→ Exercise directions: Collect each line of the records containing the string "singleton".

→ Exercise material:
============================================================

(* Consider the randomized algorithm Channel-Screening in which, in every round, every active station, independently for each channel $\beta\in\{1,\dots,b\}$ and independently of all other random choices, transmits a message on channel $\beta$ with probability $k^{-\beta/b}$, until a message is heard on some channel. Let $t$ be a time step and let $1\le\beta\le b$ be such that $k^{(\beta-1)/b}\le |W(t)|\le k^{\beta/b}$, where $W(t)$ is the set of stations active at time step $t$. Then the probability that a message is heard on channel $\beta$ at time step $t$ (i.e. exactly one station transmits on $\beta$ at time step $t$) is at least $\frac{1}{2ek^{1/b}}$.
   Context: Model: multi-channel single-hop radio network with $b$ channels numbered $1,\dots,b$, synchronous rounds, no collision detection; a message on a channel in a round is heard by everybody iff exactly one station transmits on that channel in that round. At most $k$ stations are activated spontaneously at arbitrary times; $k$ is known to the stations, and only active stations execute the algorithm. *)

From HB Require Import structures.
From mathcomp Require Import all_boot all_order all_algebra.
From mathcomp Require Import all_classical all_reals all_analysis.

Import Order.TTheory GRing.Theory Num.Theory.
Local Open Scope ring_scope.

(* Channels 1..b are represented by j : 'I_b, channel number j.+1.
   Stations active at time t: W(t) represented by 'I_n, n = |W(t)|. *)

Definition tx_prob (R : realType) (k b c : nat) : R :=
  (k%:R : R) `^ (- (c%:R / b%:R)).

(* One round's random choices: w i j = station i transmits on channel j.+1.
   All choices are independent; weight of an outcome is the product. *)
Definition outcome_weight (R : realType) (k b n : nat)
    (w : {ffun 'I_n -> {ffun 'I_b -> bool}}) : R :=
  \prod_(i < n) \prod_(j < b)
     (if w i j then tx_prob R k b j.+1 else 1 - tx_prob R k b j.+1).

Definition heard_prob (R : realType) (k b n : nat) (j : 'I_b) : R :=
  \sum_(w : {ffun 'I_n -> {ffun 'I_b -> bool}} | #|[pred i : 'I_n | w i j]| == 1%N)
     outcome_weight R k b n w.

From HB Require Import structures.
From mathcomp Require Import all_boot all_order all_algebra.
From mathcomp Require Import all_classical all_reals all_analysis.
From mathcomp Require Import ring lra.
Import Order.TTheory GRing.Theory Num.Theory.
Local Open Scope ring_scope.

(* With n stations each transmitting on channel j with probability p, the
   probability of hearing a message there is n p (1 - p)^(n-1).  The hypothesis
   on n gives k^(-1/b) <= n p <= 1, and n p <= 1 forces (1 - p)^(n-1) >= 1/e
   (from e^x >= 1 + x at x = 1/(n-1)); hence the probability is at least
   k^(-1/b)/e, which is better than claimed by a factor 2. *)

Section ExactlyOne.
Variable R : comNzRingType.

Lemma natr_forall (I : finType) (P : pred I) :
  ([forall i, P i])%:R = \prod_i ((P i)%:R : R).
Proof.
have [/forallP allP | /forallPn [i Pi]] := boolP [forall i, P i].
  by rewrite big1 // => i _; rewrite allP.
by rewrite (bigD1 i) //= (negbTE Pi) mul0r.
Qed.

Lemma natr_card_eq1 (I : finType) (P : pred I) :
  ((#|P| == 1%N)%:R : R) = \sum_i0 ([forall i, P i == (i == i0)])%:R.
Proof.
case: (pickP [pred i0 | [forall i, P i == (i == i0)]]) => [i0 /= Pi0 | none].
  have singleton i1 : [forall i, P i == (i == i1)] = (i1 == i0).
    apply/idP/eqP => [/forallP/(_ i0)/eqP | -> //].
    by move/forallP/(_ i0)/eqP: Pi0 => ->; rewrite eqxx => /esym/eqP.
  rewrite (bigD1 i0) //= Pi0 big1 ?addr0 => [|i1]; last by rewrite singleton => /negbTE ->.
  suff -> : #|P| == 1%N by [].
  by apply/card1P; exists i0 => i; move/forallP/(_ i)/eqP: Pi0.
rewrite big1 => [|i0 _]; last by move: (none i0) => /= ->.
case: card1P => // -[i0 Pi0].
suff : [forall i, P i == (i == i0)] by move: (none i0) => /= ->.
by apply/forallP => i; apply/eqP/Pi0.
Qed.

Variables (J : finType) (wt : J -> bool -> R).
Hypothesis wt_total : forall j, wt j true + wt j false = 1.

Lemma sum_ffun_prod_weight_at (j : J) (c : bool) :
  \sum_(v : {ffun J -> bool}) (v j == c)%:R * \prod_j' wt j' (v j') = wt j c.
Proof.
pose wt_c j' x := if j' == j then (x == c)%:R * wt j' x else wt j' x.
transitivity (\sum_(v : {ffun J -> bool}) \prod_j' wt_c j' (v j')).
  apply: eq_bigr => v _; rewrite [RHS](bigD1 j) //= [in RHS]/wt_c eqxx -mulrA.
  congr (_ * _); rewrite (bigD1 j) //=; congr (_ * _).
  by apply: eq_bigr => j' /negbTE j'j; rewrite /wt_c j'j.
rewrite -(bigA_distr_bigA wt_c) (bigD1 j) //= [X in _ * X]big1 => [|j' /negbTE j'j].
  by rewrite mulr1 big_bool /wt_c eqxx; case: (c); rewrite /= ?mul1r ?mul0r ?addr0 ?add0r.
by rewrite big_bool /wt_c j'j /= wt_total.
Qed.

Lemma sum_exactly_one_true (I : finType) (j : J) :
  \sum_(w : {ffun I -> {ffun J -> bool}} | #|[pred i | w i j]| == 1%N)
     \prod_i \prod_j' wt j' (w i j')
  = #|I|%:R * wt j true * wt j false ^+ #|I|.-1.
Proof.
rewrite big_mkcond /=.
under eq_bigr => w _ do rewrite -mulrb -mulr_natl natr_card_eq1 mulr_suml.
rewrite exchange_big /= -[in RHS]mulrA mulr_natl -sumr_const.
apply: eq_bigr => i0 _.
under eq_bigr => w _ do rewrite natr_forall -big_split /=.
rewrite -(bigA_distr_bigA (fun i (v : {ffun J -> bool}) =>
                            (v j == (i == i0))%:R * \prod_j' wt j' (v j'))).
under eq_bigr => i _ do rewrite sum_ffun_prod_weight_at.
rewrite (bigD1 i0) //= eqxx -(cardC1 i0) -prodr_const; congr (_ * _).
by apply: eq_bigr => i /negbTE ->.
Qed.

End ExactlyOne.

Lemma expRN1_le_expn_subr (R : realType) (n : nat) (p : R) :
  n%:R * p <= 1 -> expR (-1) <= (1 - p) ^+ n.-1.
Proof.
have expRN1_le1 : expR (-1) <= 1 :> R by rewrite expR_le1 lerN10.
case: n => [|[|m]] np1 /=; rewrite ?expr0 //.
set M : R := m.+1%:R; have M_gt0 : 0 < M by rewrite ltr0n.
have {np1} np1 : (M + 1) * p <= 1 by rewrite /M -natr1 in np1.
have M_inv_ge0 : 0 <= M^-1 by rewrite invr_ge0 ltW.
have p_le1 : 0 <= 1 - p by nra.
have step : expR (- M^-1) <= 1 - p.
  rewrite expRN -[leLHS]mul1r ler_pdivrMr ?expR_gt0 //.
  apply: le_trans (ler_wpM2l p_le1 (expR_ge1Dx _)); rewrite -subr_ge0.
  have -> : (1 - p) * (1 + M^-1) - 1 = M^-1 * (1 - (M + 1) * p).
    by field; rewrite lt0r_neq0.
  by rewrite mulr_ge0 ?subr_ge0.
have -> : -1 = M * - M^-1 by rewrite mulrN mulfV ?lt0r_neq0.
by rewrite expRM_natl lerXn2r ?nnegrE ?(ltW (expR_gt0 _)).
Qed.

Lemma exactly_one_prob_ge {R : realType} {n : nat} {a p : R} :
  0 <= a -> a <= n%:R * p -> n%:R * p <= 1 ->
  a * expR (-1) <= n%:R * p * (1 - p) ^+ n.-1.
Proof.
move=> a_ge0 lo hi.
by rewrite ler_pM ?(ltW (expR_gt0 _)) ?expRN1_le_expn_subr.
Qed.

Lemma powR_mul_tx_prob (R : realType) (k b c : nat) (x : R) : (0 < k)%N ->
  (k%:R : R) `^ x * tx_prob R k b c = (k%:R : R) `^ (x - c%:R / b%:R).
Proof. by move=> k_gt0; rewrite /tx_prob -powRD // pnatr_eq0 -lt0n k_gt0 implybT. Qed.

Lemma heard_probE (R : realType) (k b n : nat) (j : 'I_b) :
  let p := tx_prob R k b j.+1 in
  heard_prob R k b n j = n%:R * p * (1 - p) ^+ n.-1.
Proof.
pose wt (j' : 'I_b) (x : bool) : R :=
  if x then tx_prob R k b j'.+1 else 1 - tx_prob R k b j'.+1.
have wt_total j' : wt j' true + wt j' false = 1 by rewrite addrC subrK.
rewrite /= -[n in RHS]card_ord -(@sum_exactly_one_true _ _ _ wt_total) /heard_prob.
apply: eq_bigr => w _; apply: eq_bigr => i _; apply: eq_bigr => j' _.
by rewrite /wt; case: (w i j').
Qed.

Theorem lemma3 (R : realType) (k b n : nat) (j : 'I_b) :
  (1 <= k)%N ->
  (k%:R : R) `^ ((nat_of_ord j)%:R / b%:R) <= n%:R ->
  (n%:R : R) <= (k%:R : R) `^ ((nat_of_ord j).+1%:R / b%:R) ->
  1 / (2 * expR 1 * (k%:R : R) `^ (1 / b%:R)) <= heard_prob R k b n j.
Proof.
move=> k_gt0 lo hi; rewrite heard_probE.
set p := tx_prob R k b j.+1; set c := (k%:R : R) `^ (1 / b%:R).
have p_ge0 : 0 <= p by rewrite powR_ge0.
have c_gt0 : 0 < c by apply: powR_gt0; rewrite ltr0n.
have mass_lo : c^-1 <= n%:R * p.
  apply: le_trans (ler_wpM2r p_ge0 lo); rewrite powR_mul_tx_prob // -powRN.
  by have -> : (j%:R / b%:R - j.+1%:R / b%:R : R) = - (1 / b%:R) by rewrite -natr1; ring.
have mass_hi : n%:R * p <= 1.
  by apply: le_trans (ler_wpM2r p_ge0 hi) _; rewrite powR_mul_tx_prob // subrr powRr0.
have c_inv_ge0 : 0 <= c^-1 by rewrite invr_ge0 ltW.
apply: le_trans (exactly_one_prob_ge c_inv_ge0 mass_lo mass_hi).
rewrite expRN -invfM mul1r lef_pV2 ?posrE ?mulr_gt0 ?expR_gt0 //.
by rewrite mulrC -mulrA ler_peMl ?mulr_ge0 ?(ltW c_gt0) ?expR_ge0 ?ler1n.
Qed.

============================================================

→ Written solution:
  have singleton i1 : [forall i, P i == (i == i1)] = (i1 == i0).
  rewrite (bigD1 i0) //= Pi0 big1 ?addr0 => [|i1]; last by rewrite singleton => /negbTE ->.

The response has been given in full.